Python is the ingestion and transformation layer in this setup. That makes sense in energy projects because the bottleneck is usually not raw CPU compute, but external API calls, validation, retries, timestamp handling, and safe database writes.

In our project, the Python ingestion layer handles the operational details that matter in practice:

  • Rate limiting to avoid overwhelming the API
  • Retry logic with exponential backoff on failures
  • Data validation for null or invalid values
  • Timestamp conversion from Unix milliseconds to Python datetime
  • Parallel fetching of multiple filters
  • Incremental updates so only new data is ingested
  • Error handling that allows partial progress
  • Logging for visibility and troubleshooting
  • Idempotent upsert logic so the pipeline is safe to re-run

Python gives us a maintainable way to build data pipelines that are easy to test, extend, and operate. It also works very well with batch inserts and upsert logic, which is exactly what you want for recurring dashboard refreshes.

About the Data Sources

SMARD API (Bundesnetzagentur)

The SMARD API is provided by Germany's Federal Network Agency (Bundesnetzagentur) and serves as the primary source for real-time and historical electricity market data.
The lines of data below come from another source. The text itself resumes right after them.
Theorem theorem4 (R : realType) (f : R * R -> R) :
  sg_harmonic f -> nonconstant_on (@SG R) f ->
  ((strictly_monotone_on_edge f i0 i1 /\ strictly_monotone_on_edge f i0 i2 /\
    strictly_monotone_on_edge f i1 i2) <->
   (2 * f (@pv R i0) = f (@pv R i1) + f (@pv R i2) \/
    2 * f (@pv R i1) = f (@pv R i0) + f (@pv R i2) \/
    2 * f (@pv R i2) = f (@pv R i0) + f (@pv R i1))).
Proof.
move=> f_harm [x [y [Sx [Sy fxy]]]].
have vertices_not_const : ~ (f (pv R i0) = f (pv R i1) /\ f (pv R i0) = f (pv R i2)).
  move=> [e01 e02]; move/eqP: fxy; apply.
  by rewrite (sg_harmonic_const f_harm e01 e02 Sx) (sg_harmonic_const f_harm e01 e02 Sy).
rewrite (harmonic_edge_monotoneP f_harm (i := i0) (j := i1) (k := i2)) //.
rewrite (harmonic_edge_monotoneP f_harm (i := i0) (j := i2) (k := i1)) //.
rewrite (harmonic_edge_monotoneP f_harm (i := i1) (j := i2) (k := i0)) //.
exact: edge_admissible_triangle.
Qed.
Lemma forest_map_comp_inner F G H chi phi' phi x : forest_on H ->
  forest_map F G chi -> forest_map G H phi' -> forest_map F H phi ->
  is_inner F x -> phi' (chi x) = phi x.
Proof.
move=> H_on chi_map phi'_map phi_map x_in.
have [l [r Fx]] := iffLR (is_innerP _ _) x_in.
have [[y [xy yl]] [z [xz zr]]] := (first_leaf_below false Fx, first_leaf_below true Fx).
rewrite (forest_map_lca phi_map H_on x_in (ex_intro _ false (conj xy xz)) yl zr).
have [chi_leaf chi_inner _ _] := chi_map.
have [d below_chi] := forest_map_below chi_map x_in.
apply: (forest_map_lca phi'_map H_on (chi_inner _ x_in) _ (chi_leaf _ _ yl) (chi_leaf _ _ zr)).
have [Fy Fz] := (is_leaf_fnode yl, is_leaf_fnode zr).
by exists (false (+) d); rewrite -addNb; split; apply: below_chi.
Qed.

Lemma atom_inner i j x : is_inner (atom i j) x -> x = (0, [::]).
Proof.
case: x => [[|n] p]; rewrite /is_inner /fnode /=; first by case: p => [|[] []].
by rewrite onth_map; case: onth => //= k; case: p.
Qed.

Lemma atom_le_of_same_tree F i j : forest_on F -> i != j ->
  tree_index F i = tree_index F j -> forest_le (atom i j) F.
Proof.
move=> F_on ij idx_ij.
have [lca_in [c [ic jc]]] := lca_vertex_fork F_on ij idx_ij.
pose phi x := if fnode (atom i j) x is Some (Leaf k) then leaf_vertex F k
               else lca_vertex F i j.
exists phi; split.
- by move=> x k /is_leafP; rewrite /phi => ->; apply: leaf_vertexP.
- by move=> x /atom_inner ->.
- by move=> x y /atom_inner -> /atom_inner ->.
- by move=> x /atom_inner ->; apply/(children_forkP phi); exists c => -[].
Qed.

Lemma atom_le_same_tree G i j : forest_on G -> forest_le (atom i j) G ->
  tree_index G i = tree_index G j.
Proof.
move=> G_on [al [al_leaf _ _ al_sides]].
have /children_forkP[d sides] := al_sides (0, [::]) Logic.I.
have [[r0 /= E0] [r1 /= E1]] := (sides false, sides true).
have /is_leaf_unique Ei := al_leaf (0, [:: false]) i erefl.
have /is_leaf_unique Ej := al_leaf (0, [:: true]) j erefl.
rewrite -[tree_index G i]/((leaf_vertex G i).1) -[tree_index G j]/((leaf_vertex G j).1).
by rewrite -Ei // -Ej // E0 E1.
Qed.

Lemma atom_le_inner_vertex T F phi i j : tree_on T -> forest_le (atom i j) F ->
  forest_map F (tforest T) phi -> exists x, is_inner F x /\ phi x = (0, vij T i j).
Proof.
move=> T_on [al al_map] phi_map; have [al_leaf al_inner _ _] := al_map.
have root_in : is_inner (atom i j) (0, [::]) by [].
have [d below_al] := forest_map_below al_map root_in.
exists (al (0, [::])); split; first exact: al_inner.
rewrite -(lca_vertex_tforest i j T_on).
apply: (forest_map_lca phi_map (tforest_on T_on) (al_inner _ root_in) _
          (al_leaf (0, [:: false]) i erefl) (al_leaf (0, [:: true]) j erefl)).
by exists (false (+) d); rewrite -addNb; split; apply: below_al => //; exists [::].
Qed.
SMARD stands for "Strommarktdaten" (electricity market data) and provides:

  • Generation data by source: Wind, solar, biomass, nuclear, fossil fuels (coal, gas, oil), hydro, and pumped storage at 15-minute resolution
  • Consumption and forecast data: Actual electricity demand and forecasted load
  • Day-ahead electricity prices: Market prices in EUR/MWh from the European Power Exchange (EPEX)
  • Cross-border exchange flows: Electricity imports and exports with neighboring countries including France, Austria, Switzerland, Poland, Czech Republic, Denmark, Sweden, Netherlands, and Luxembourg

The SMARD API is particularly valuable because it provides official, authoritative data directly from the grid regulator. The data is updated continuously and represents actual operational measurements from the German transmission system operators. The API uses a filter-based system where each data series is identified by a numeric filter ID. For example, filter 410 represents actual electricity consumption, while filter 411 represents forecast consumption.

Fraunhofer Energy-Charts API

The Fraunhofer Energy-Charts API is provided by the Fraunhofer Institute for Solar Energy Systems (ISE) and offers complementary data with additional analytical perspectives:

  • Installed power capacity: Historical and current generating capacity by technology and year, including planned capacity under EEG (Renewable Energy Act) regulations
  • Load and residual load analysis: Total electricity demand and residual load (demand minus wind and solar generation), which shows the portion that must be covered by dispatchable generation
  • Solar generation forecasts: Comparison of actual vs. forecasted solar output for forecast accuracy analysis
  • Cross-border physical flows and trading: Detailed import/export data with neighboring countries, distinguishing between physical electricity flows and commercial trading volumes
  • Public power generation snapshots: Current generation mix breakdowns for real-time monitoring

The Energy-Charts API extends the SMARD data with research-oriented metrics that are especially useful for understanding Germany's energy transition. The installed capacity data, for example, provides structural insight into how the grid's generating potential has evolved over two decades—information that complements the operational generation data from SMARD.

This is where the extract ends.